From the entries below, return only the lines starting at the one that contains "P 0 -> (forall" and ending at the one that contains "Definition rotate (t", exactly as they stand.

★ ★ ★ ★

(* Let $n\ge 3$. For $1\le a,b\le n$ let $e^A_{a,b}=e_a e_b^T-e_b e_a^T\in\mathfrak{so}(n)$, where $e_1,\dots,e_n$ is the canonical basis of $\mathbf{R}^n$. For $2\le i<j\le n$ let $$E_{i,j}=\{C\in(\mathfrak{so}(n))^n:\ \rho(g^{\theta}_{i,j})(C)=C \text{ for all }\theta\in\mathbf{R}\}.$$ Then: (1) for $n=3$: $\bigcap_{2\le i<j\le n}E_{i,j}=E_{2,3}=\mathrm{span}\{e_2\otimes e^A_{2,1}+e_3\otimes e^A_{3,1},\ e_2\otimes e^A_{3,1}-e_3\otimes e^A_{2,1},\ e_1\otimes e^A_{2,3}\}$; (2) for $n=4$: $\bigcap_{2\le i<j\le n}E_{i,j}=\mathrm{span}\{e_2\otimes e^A_{2,1}+e_3\otimes e^A_{3,1}+e_4\otimes e^A_{4,1},\ e_2\otimes e^A_{3,4}-e_3\otimes e^A_{2,4}+e_4\otimes e^A_{2,3}\}$; (3) for $n\ge 5$: $\bigcap_{2\le i<j\le n}E_{i,j}=\mathrm{span}\{\sum_{k=1}^n e_k\otimes e^A_{k,1}\}$.
   Context: $\mathfrak{so}(n)$ is the space of real antisymmetric $n\times n$ matrices. Elements of $(\mathfrak{so}(n))^n$ are $n$-tuples $C=(C_1,\dots,C_n)$; for $v\in\mathbf{R}^n$ and $M\in\mathfrak{so}(n)$, $v\otimes M$ denotes the tuple whose $\mu$-th entry is $v_\mu M$. The action $\rho$ of $SO(n)$ on $(\mathfrak{so}(n))^n$ is $\rho(g)(C)_\mu=\sum_{\nu=1}^n [g^{-1}]_{\nu,\mu}\, g\,C_\nu\, g^{-1}$. For $i<j$ and $\theta\in\mathbf{R}$, $g^\theta_{i,j}\in SO(n)$ is the rotation equal to the identity except for the entries $(i,i)=(j,j)=\cos\theta$, $(i,j)=-\sin\theta$, $(j,i)=\sin\theta$. *)

From HB Require Import structures.
From mathcomp Require Import all_boot all_order all_algebra.
From mathcomp Require Import all_classical all_reals all_analysis.
Set Implicit Arguments. Unset Strict Implicit. Unset Printing Implicit Defensive.
Import Order.TTheory GRing.Theory Num.Theory.
Local Open Scope ring_scope.

Section Defs.
Variable R : realType.

(* Elements of (so(n))^n are represented inside the R-vector space of
   n-tuples of n x n real matrices; antisymmetry is imposed in [in_Eij]. *)
Definition tup (n : nat) := {ffun 'I_n -> 'M[R]_n}.

(* Indices are 1-based natural numbers as in the paper: row i : 'I_n is the
   paper's index i+1. *)
Definition e (n a : nat) : 'cV[R]_n := \col_(i < n) ((i.+1 == a)%N%:R).

Definition eA (n a b : nat) : 'M[R]_n := e n a *m (e n b)^T - e n b *m (e n a)^T.

Definition tens (n : nat) (v : 'cV[R]_n) (M : 'M[R]_n) : tup n :=
  [ffun mu => v mu 0 *: M].

Definition grot (n i j : nat) (theta : R) : 'M[R]_n :=
  \matrix_(a < n, b < n)
    if (a.+1 == i) && (b.+1 == i) then cos theta
    else if (a.+1 == j) && (b.+1 == j) then cos theta
    else if (a.+1 == i) && (b.+1 == j) then - sin theta
    else if (a.+1 == j) && (b.+1 == i) then sin theta
    else (a == b)%:R.

Definition rho (n : nat) (g : 'M[R]_n) (C : tup n) : tup n :=
  [ffun mu => \sum_(nu < n) (invmx g) nu mu *: (g *m C nu *m invmx g)].

Definition in_son_n (n : nat) (C : tup n) : Prop :=
  forall mu, (C mu)^T = - C mu.

Arguments in_son_n : clear implicits.
Definition in_Eij (n i j : nat) (C : tup n) : Prop :=
  in_son_n n C /\ forall theta : R, rho (grot n i j theta) C = C.
Arguments in_Eij : clear implicits.

Definition inter_E (n : nat) (C : tup n) : Prop :=
  forall i j : nat, (2 <= i)%N -> (i < j)%N -> (j <= n)%N -> in_Eij n i j C.

End Defs.
Arguments in_Eij {R} n i j C.
Arguments inter_E {R} n C.

From HB Require Import structures.
From mathcomp Require Import all_boot all_order all_algebra.
From mathcomp Require Import all_classical all_reals all_analysis.
From mathcomp Require Import ring lra zify.
Import Order.TTheory GRing.Theory Num.Theory.
Set Implicit Arguments. Unset Strict Implicit. Unset Printing Implicit Defensive.
Local Open Scope ring_scope.

(* An element C of (so(n))^n is a 3-tensor C_{mu a b}, antisymmetric in (a, b), on
   which an orthogonal g acts by g (x) g (x) g.  The half-turn in the plane of two
   axes p, m other than e_1 negates every index equal to p or m, so an entry
   vanishes as soon as such a p occurs an odd number of times and such an m does
   not occur; the quarter-turn exchanges p and m.  For n >= 5 a free axis m always
   exists, and the only surviving entries are C_{a a 1} = - C_{a 1 a}, all equal:
   C is a multiple of sum_k e_k (x) e^A_{k,1}, which is invariant under every
   rotation fixing e_1.  For n = 4 the triples (mu, a, b) that permute (2, 3, 4)
   have no free axis and contribute the Levi-Civita tensor of e_2, e_3, e_4; for
   n = 3 only the plane (2, 3) is available and the entries are computed directly. *)

Lemma span_ind (K : fieldType) (V : vectType K) (P : V -> Prop) :
  P 0 -> (forall c x y, P x -> P y -> P (c *: x + y)) ->
  forall s, (forall x, x \in s -> P x) -> forall v, v \in << s >>%VS -> P v.
Proof.
move=> P0 Plin; elim=> [|x s IH] Ps v; first by rewrite span_nil memv0 => /eqP ->.
rewrite span_cons => /memv_addP[_ /vlineP[c ->] [y ys ->]].
apply: Plin; first by apply: Ps; rewrite mem_head.
by apply: IH ys => z zs; apply: Ps; rewrite inE zs orbT.
Qed.

Section Invariants.
Variable R : realType.
Implicit Types t : R.

Lemma sum_delta n (x : 'I_n) (f : 'I_n -> R) : \sum_b (x == b)%:R * f b = f x.
Proof.
rewrite (bigD1 x) //= eqxx mul1r big1 ?addr0 // => b; rewrite eq_sym => /negbTE ->.
exact: mul0r.
Qed.

Lemma sum_delta_r n (x : 'I_n) (f : 'I_n -> R) : \sum_b f b * (x == b)%:R = f x.
Proof. by rewrite -[RHS](sum_delta x); apply: eq_bigr => b _; rewrite mulrC. Qed.

Lemma invmx_orth n (g : 'M[R]_n) : g *m g^T = 1%:M -> invmx g = g^T.
Proof. by move=> gg; have [U _] := mulmx1_unit gg; rewrite -[RHS](mulKmx U) gg mulmx1. Qed.

Lemma orth_rows n (g : 'M[R]_n) x y : g *m g^T = 1%:M ->
  \sum_nu g x nu * g y nu = (x == y)%:R.
Proof.
move/matrixP/(_ x y); rewrite !mxE => <-.
by apply: eq_bigr => nu _; rewrite mxE.
Qed.

Lemma rho_orthE n (g : 'M[R]_n) (C : tup R n) mu a b : g *m g^T = 1%:M ->
  rho g C mu a b = \sum_nu g mu nu * \sum_be g b be * \sum_al g a al * C nu al be.
Proof.
move/invmx_orth=> gT; rewrite /rho gT ffunE summxE; apply: eq_bigr => nu _.
rewrite !mxE; congr (_ * _).
by apply: eq_bigr => be _; rewrite !mxE mulrC.
Qed.

Section PlaneRotation.
Variables (n : nat) (k l : 'I_n).
Hypothesis neq_kl : k != l.

Definition rotate (t : R) (f : 'I_n -> R) (a : 'I_n) : R :=
  if a == k then cos t * f k - sin t * f l
  else if a == l then sin t * f k + cos t * f l
  else f a.

Let eq_lk_false : (l == k) = false. Proof. by rewrite eq_sym (negbTE neq_kl). Qed.
Let eq_kl_false : (k == l) = false. Proof. exact: negbTE. Qed.

Lemma grotE t a b : grot n k.+1 l.+1 t a b = rotate t (fun c => (c == b)%:R) a.
Proof.
rewrite mxE !eqSS !val_eqE /rotate.
have [-> | ak] := eqVneq a k; last have [-> | al] := eqVneq a l;
  (have [eb | bk] := eqVneq b k; last have [eb | bl] := eqVneq b l);
  rewrite ?eb ?eqxx ?eq_kl_false ?eq_lk_false ?andbF ?andbT /=; try ring.
Qed.

Lemma grot_mulE t (f : 'I_n -> R) a :
  \sum_b grot n k.+1 l.+1 t a b * f b = rotate t f a.
Proof.
under eq_bigr => b _ do rewrite grotE.
rewrite /rotate; case: ifP => _; [|case: ifP => _]; last exact: sum_delta.
- under eq_bigr => b _ do rewrite mulrBl -!mulrA.
  by rewrite sumrB -!mulr_sumr !sum_delta.
- under eq_bigr => b _ do rewrite mulrDl -!mulrA.
  by rewrite big_split -!mulr_sumr /= !sum_delta.
Qed.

★ ★ ★ ★

> [Task answer]
  P 0 -> (forall c x y, P x -> P y -> P (c *: x + y)) ->
  forall s, (forall x, x \in s -> P x) -> forall v, v \in << s >>%VS -> P v.
Proof.
move=> P0 Plin; elim=> [|x s IH] Ps v; first by rewrite span_nil memv0 => /eqP ->.
rewrite span_cons => /memv_addP[_ /vlineP[c ->] [y ys ->]].
apply: Plin; first by apply: Ps; rewrite mem_head.
by apply: IH ys => z zs; apply: Ps; rewrite inE zs orbT.
Qed.

Section Invariants.
Variable R : realType.
Implicit Types t : R.

Lemma sum_delta n (x : 'I_n) (f : 'I_n -> R) : \sum_b (x == b)%:R * f b = f x.
Proof.
rewrite (bigD1 x) //= eqxx mul1r big1 ?addr0 // => b; rewrite eq_sym => /negbTE ->.
exact: mul0r.
Qed.

Lemma sum_delta_r n (x : 'I_n) (f : 'I_n -> R) : \sum_b f b * (x == b)%:R = f x.
Proof. by rewrite -[RHS](sum_delta x); apply: eq_bigr => b _; rewrite mulrC. Qed.

Lemma invmx_orth n (g : 'M[R]_n) : g *m g^T = 1%:M -> invmx g = g^T.
Proof. by move=> gg; have [U _] := mulmx1_unit gg; rewrite -[RHS](mulKmx U) gg mulmx1. Qed.

Lemma orth_rows n (g : 'M[R]_n) x y : g *m g^T = 1%:M ->
  \sum_nu g x nu * g y nu = (x == y)%:R.
Proof.
move/matrixP/(_ x y); rewrite !mxE => <-.
by apply: eq_bigr => nu _; rewrite mxE.
Qed.

Lemma rho_orthE n (g : 'M[R]_n) (C : tup R n) mu a b : g *m g^T = 1%:M ->
  rho g C mu a b = \sum_nu g mu nu * \sum_be g b be * \sum_al g a al * C nu al be.
Proof.
move/invmx_orth=> gT; rewrite /rho gT ffunE summxE; apply: eq_bigr => nu _.
rewrite !mxE; congr (_ * _).
by apply: eq_bigr => be _; rewrite !mxE mulrC.
Qed.

Section PlaneRotation.
Variables (n : nat) (k l : 'I_n).
Hypothesis neq_kl : k != l.

Definition rotate (t : R) (f : 'I_n -> R) (a : 'I_n) : R :=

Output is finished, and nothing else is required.